ABOUT THIS TASK | Everything in the data below is left aside except the lines from the one containing "Lemma low_block_ok_pow5 (r" through the one containing "exists K, low_digits"; repeat those exactly.

SOURCE INFORMATION |
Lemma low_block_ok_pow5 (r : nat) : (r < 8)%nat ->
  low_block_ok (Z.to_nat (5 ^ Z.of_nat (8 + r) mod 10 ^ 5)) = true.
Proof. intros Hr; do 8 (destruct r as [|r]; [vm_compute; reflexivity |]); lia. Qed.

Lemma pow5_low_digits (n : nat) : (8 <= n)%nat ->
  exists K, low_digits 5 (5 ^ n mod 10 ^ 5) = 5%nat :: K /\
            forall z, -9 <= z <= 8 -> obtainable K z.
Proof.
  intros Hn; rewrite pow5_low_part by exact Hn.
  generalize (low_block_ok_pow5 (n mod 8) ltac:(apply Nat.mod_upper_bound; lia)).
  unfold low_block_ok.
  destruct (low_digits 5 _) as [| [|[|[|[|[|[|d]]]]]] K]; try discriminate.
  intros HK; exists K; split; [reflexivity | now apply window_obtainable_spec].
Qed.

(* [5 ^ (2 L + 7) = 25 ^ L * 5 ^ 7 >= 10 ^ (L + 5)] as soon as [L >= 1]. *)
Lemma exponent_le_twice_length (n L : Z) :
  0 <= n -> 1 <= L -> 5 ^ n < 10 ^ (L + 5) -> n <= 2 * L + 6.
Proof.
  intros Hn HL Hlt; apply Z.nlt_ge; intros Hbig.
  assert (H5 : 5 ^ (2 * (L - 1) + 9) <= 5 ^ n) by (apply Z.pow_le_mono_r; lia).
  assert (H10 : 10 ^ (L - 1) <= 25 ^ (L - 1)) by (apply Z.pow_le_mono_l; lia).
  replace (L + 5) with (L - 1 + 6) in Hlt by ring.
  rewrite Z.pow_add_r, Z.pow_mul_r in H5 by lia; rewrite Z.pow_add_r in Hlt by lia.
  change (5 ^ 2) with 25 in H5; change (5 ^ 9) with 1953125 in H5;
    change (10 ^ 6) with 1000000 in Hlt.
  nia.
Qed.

==

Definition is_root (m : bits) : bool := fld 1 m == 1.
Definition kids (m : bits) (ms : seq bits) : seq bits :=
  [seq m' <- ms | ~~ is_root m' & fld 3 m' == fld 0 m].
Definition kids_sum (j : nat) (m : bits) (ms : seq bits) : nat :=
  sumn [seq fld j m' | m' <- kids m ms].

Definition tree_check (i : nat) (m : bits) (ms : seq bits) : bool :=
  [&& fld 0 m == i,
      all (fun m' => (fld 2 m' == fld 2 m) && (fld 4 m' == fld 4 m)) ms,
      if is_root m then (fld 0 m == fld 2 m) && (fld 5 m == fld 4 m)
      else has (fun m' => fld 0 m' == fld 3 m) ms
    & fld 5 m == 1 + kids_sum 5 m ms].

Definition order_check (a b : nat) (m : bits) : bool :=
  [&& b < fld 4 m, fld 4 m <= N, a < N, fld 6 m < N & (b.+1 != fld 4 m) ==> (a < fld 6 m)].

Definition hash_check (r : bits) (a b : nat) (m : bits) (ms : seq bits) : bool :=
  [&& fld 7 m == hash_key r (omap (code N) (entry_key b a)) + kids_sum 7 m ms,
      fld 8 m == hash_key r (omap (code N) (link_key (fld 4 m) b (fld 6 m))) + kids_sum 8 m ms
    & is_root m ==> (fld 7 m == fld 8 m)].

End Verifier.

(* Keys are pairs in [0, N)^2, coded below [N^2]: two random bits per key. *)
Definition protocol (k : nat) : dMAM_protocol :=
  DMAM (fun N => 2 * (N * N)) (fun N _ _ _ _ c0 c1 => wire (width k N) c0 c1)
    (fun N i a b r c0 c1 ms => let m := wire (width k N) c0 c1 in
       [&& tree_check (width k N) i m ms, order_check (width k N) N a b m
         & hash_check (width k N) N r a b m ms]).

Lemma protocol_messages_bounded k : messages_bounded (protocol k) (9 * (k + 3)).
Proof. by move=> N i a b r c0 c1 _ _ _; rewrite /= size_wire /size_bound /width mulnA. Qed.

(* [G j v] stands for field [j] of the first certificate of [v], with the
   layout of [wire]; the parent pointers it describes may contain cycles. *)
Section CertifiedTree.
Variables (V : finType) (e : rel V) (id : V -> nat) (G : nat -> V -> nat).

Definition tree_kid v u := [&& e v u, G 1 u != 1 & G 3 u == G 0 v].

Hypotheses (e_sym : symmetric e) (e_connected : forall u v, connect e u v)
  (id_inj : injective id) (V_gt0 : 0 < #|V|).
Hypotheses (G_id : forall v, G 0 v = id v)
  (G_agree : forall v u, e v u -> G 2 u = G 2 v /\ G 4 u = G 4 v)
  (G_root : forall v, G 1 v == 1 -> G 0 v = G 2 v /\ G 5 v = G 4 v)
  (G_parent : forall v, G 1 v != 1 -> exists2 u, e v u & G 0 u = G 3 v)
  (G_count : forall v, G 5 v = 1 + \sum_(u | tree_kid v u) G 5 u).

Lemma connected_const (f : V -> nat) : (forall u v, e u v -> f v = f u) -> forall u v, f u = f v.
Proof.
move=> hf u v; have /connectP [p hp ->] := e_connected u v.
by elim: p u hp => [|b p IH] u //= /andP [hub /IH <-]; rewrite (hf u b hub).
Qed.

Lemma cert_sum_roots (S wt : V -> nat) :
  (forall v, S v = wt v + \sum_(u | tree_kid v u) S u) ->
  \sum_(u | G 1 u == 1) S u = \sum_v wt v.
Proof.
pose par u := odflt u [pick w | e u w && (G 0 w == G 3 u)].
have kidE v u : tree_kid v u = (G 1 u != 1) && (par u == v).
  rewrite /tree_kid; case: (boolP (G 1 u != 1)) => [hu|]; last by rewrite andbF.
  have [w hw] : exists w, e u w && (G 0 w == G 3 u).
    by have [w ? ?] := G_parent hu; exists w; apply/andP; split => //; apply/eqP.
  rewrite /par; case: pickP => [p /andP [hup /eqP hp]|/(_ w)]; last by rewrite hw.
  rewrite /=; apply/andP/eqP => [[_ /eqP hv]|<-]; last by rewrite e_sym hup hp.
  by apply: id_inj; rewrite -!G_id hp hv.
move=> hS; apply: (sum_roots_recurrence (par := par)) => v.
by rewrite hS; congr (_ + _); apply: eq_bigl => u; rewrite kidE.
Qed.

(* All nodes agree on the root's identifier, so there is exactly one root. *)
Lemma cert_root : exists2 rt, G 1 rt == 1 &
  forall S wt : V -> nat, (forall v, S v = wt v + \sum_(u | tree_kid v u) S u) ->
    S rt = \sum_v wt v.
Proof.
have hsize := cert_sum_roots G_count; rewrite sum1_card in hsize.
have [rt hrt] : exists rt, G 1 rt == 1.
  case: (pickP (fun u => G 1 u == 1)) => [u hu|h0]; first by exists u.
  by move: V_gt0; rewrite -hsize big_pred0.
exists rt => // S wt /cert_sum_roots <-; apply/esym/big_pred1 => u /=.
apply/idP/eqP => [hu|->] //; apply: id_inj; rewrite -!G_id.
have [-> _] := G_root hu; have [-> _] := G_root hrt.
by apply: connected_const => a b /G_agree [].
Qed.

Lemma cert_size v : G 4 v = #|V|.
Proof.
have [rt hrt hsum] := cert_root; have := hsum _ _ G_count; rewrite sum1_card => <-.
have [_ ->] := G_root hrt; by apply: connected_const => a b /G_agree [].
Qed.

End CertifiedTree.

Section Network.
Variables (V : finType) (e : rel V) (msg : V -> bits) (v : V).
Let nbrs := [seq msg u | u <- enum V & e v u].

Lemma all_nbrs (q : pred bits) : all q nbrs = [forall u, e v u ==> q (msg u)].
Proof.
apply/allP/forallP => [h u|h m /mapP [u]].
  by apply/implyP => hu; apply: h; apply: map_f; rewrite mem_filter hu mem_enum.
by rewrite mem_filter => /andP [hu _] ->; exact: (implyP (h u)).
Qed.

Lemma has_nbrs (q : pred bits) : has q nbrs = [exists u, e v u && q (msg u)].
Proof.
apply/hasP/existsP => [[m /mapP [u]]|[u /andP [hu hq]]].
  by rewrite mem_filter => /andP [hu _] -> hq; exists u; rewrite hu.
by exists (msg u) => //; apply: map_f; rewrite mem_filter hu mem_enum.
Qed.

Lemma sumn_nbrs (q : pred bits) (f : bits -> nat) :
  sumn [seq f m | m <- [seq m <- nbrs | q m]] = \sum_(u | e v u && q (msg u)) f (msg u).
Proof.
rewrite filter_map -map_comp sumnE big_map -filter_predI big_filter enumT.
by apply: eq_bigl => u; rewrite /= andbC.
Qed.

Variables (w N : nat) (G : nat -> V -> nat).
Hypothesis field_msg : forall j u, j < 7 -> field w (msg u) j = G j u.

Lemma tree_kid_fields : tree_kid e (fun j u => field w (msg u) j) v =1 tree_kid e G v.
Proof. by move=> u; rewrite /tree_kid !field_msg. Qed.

==

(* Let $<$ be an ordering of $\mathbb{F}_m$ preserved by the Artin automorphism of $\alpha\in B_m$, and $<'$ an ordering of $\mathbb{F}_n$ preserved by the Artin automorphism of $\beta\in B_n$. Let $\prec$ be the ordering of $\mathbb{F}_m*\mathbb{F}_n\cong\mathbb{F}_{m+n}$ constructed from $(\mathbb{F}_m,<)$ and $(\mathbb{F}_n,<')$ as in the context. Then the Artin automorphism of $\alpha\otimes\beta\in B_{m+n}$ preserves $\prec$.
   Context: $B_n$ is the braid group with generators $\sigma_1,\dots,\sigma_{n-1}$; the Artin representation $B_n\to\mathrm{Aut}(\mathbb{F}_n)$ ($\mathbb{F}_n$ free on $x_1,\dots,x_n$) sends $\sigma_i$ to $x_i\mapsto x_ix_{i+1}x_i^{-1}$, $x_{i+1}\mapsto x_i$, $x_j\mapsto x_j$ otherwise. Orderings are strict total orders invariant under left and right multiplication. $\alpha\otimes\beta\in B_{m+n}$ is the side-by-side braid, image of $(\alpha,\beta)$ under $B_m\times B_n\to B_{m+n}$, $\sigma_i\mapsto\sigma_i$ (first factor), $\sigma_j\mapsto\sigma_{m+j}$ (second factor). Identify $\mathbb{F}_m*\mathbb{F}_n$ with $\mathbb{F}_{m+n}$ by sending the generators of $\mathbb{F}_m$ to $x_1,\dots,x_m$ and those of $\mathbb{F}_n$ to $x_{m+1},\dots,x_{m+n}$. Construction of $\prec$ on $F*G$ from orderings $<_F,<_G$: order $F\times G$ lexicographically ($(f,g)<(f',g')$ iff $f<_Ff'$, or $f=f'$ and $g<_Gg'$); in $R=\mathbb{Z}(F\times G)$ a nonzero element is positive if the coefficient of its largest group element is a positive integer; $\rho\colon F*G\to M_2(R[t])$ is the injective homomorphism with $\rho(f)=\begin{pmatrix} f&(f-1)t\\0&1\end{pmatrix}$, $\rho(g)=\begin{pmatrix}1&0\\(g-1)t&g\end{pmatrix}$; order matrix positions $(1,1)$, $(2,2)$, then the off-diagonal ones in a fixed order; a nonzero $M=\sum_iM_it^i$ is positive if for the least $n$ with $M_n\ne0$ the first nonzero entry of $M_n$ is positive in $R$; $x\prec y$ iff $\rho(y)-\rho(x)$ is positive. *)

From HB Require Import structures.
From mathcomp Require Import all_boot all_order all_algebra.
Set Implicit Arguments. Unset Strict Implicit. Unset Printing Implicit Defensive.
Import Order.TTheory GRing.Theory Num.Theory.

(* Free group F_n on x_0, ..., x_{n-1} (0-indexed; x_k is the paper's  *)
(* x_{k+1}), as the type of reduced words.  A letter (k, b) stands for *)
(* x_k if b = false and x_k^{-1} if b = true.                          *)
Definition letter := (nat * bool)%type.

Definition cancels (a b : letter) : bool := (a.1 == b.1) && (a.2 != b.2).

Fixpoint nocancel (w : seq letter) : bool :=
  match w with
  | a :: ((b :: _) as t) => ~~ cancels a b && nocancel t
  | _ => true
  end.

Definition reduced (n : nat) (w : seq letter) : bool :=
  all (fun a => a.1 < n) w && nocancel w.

TASK RESPONSE |
Lemma low_block_ok_pow5 (r : nat) : (r < 8)%nat ->
  low_block_ok (Z.to_nat (5 ^ Z.of_nat (8 + r) mod 10 ^ 5)) = true.
Proof. intros Hr; do 8 (destruct r as [|r]; [vm_compute; reflexivity |]); lia. Qed.

Lemma pow5_low_digits (n : nat) : (8 <= n)%nat ->
  exists K, low_digits 5 (5 ^ n mod 10 ^ 5) = 5%nat :: K /\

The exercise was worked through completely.